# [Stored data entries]
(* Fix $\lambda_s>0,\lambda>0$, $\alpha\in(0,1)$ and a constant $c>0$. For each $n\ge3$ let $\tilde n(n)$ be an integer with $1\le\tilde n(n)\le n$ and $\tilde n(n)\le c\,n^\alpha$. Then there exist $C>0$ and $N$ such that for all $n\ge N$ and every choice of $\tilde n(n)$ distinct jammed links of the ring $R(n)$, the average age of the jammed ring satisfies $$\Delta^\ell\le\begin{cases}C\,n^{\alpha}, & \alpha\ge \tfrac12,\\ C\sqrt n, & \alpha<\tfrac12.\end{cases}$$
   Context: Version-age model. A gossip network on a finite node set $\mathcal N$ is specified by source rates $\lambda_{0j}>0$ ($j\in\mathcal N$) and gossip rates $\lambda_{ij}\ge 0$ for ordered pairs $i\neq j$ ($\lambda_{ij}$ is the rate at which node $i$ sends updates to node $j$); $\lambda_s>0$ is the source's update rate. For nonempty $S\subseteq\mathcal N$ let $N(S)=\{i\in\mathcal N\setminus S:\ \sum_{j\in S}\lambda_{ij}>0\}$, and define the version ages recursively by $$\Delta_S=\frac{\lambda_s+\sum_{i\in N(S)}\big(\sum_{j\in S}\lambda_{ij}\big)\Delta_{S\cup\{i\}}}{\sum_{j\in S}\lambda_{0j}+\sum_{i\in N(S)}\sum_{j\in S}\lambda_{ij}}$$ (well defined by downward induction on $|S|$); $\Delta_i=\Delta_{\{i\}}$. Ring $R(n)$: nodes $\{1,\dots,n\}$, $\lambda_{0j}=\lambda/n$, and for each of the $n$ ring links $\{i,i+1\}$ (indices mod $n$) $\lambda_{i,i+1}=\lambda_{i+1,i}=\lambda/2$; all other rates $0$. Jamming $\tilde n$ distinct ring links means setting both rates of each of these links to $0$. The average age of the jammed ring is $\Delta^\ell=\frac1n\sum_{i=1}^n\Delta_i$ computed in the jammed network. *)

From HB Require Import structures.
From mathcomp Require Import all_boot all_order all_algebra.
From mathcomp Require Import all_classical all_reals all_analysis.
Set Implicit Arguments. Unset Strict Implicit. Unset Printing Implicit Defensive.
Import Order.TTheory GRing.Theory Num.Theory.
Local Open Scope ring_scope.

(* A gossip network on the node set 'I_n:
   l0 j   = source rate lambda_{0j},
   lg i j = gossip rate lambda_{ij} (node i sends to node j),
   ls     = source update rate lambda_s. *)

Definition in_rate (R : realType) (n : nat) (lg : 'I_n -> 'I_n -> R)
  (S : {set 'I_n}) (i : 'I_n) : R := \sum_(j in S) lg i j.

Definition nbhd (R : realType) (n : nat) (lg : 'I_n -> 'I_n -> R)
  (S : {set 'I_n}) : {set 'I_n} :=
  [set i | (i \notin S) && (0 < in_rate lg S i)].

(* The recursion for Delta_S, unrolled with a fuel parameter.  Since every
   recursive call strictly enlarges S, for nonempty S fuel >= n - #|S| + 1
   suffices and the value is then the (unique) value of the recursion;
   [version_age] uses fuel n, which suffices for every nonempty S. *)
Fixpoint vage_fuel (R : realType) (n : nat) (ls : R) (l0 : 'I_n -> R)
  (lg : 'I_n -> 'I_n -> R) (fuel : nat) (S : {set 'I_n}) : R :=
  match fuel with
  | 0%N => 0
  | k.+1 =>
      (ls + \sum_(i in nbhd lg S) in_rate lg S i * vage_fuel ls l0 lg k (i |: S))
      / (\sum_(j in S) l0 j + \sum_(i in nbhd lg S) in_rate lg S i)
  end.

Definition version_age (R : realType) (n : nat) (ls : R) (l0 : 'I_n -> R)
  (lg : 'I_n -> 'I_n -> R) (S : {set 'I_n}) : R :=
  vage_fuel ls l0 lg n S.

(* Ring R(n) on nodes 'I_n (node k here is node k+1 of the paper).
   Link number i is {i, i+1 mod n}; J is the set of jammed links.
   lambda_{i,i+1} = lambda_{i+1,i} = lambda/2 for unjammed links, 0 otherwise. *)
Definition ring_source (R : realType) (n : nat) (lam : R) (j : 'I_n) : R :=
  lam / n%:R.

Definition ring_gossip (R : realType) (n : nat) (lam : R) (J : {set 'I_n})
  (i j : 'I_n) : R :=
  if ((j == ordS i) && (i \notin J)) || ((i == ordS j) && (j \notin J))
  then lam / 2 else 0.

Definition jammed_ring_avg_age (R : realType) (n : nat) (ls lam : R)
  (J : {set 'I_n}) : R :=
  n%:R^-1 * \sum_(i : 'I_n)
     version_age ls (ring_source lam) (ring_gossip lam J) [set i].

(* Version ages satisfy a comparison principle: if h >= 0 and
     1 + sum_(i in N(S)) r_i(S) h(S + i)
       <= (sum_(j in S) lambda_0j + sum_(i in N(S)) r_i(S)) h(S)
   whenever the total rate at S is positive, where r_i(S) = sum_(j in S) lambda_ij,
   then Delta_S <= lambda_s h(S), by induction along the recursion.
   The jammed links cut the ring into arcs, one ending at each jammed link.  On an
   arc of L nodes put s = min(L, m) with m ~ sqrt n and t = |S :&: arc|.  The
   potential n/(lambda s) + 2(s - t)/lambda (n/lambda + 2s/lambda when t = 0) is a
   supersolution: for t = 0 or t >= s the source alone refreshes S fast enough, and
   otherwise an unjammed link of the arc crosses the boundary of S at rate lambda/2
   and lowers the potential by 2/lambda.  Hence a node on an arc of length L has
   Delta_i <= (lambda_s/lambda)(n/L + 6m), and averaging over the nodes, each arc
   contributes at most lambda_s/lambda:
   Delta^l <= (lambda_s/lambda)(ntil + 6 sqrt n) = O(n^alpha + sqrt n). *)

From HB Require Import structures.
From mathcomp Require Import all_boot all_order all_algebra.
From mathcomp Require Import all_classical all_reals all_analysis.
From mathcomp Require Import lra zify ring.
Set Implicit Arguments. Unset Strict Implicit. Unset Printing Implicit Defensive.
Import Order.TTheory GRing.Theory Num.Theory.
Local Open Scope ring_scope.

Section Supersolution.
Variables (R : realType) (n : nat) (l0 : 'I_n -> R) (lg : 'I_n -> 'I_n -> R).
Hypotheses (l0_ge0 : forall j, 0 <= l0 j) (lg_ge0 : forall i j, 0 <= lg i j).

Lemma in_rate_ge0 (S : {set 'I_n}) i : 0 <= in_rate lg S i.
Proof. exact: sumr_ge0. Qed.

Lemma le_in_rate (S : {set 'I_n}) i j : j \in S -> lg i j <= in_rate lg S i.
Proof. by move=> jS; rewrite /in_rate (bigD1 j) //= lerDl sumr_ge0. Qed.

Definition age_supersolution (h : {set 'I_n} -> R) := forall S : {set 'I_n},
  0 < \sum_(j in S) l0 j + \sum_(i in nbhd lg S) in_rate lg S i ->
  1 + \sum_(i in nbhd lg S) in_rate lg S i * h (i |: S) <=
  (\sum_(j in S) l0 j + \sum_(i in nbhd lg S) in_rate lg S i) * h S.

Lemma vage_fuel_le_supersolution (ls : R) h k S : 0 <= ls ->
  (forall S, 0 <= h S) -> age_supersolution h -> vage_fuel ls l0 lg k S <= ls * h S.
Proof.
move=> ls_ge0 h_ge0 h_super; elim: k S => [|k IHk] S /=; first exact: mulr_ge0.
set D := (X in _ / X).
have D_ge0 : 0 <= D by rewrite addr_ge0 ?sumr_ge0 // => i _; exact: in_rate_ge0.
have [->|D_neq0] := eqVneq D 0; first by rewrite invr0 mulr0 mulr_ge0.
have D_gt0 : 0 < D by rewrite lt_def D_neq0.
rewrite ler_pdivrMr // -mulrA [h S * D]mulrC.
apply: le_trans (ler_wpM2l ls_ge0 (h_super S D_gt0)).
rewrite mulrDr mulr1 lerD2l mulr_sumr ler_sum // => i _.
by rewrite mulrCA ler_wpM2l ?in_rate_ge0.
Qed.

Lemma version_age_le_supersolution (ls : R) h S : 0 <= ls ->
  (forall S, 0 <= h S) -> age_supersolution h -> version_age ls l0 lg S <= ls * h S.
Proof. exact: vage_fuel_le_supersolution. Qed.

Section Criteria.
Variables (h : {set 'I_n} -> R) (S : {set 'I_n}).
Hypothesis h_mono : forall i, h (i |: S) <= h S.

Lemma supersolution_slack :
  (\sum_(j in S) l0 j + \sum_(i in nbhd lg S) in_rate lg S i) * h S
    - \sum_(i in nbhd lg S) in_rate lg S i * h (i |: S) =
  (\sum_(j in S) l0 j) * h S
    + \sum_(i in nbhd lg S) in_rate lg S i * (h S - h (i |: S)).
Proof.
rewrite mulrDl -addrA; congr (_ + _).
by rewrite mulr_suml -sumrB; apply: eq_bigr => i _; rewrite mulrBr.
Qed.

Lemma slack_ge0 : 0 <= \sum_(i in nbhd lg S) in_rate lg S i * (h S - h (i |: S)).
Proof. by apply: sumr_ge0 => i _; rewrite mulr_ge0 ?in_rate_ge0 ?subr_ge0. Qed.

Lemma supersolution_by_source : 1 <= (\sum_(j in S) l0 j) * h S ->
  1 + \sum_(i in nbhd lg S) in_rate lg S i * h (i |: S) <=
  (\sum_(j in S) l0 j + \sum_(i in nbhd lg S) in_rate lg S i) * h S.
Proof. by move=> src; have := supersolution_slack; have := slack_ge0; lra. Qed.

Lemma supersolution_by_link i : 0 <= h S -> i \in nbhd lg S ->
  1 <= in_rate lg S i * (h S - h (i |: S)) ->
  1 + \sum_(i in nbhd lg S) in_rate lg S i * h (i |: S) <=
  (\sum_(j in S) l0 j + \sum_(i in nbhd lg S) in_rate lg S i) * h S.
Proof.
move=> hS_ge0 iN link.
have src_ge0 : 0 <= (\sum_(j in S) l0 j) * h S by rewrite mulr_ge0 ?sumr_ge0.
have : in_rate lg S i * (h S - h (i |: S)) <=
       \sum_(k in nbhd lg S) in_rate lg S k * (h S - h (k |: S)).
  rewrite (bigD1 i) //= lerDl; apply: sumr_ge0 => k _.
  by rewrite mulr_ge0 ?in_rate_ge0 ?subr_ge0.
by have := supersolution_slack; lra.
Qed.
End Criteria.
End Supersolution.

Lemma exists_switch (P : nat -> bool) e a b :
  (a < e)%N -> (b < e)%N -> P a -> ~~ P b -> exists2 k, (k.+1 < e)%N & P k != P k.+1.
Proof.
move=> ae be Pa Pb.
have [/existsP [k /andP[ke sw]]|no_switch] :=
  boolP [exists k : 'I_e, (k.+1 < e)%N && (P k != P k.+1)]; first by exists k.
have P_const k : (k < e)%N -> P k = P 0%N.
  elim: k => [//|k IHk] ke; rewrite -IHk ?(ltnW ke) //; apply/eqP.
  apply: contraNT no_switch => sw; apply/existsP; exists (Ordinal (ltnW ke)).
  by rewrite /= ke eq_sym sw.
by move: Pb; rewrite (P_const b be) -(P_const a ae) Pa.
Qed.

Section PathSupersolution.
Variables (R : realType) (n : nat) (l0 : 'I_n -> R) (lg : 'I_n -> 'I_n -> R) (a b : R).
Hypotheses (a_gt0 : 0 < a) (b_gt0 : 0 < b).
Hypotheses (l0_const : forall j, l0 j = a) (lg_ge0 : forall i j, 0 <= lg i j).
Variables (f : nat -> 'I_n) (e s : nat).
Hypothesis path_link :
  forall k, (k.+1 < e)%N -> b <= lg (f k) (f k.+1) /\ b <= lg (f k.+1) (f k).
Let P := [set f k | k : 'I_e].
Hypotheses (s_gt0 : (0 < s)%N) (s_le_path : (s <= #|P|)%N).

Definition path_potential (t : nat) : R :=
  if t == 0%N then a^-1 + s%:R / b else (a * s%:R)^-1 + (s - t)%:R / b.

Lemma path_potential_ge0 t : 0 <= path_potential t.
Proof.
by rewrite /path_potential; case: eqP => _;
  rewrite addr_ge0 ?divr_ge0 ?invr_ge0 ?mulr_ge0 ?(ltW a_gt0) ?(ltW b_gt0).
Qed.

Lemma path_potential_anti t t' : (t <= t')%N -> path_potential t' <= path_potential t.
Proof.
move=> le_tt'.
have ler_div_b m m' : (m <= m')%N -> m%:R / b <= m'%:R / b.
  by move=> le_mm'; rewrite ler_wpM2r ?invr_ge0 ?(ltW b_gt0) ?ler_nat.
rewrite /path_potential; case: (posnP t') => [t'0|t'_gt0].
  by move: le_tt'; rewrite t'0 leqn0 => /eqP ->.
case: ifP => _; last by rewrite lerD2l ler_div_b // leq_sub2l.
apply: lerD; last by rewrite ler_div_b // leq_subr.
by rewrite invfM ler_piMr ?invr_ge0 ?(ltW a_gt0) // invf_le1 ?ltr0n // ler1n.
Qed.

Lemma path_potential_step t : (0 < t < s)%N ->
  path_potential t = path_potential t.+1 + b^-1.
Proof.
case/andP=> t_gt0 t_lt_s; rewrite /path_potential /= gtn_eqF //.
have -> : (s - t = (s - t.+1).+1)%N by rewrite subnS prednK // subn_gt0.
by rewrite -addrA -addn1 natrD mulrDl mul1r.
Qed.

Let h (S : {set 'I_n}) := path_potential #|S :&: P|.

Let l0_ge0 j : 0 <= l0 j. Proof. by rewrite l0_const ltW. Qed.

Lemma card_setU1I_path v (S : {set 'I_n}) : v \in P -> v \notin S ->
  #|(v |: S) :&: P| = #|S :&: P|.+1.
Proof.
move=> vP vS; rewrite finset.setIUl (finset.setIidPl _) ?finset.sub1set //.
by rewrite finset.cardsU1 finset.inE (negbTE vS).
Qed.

# [ASSIGNED TASK]
Among the entries above, which lines include "andP"? List them all.

# [ANSWER]
have [/existsP [k /andP[ke sw]]|no_switch] :=
case/andP=> t_gt0 t_lt_s; rewrite /path_potential /= gtn_eqF //.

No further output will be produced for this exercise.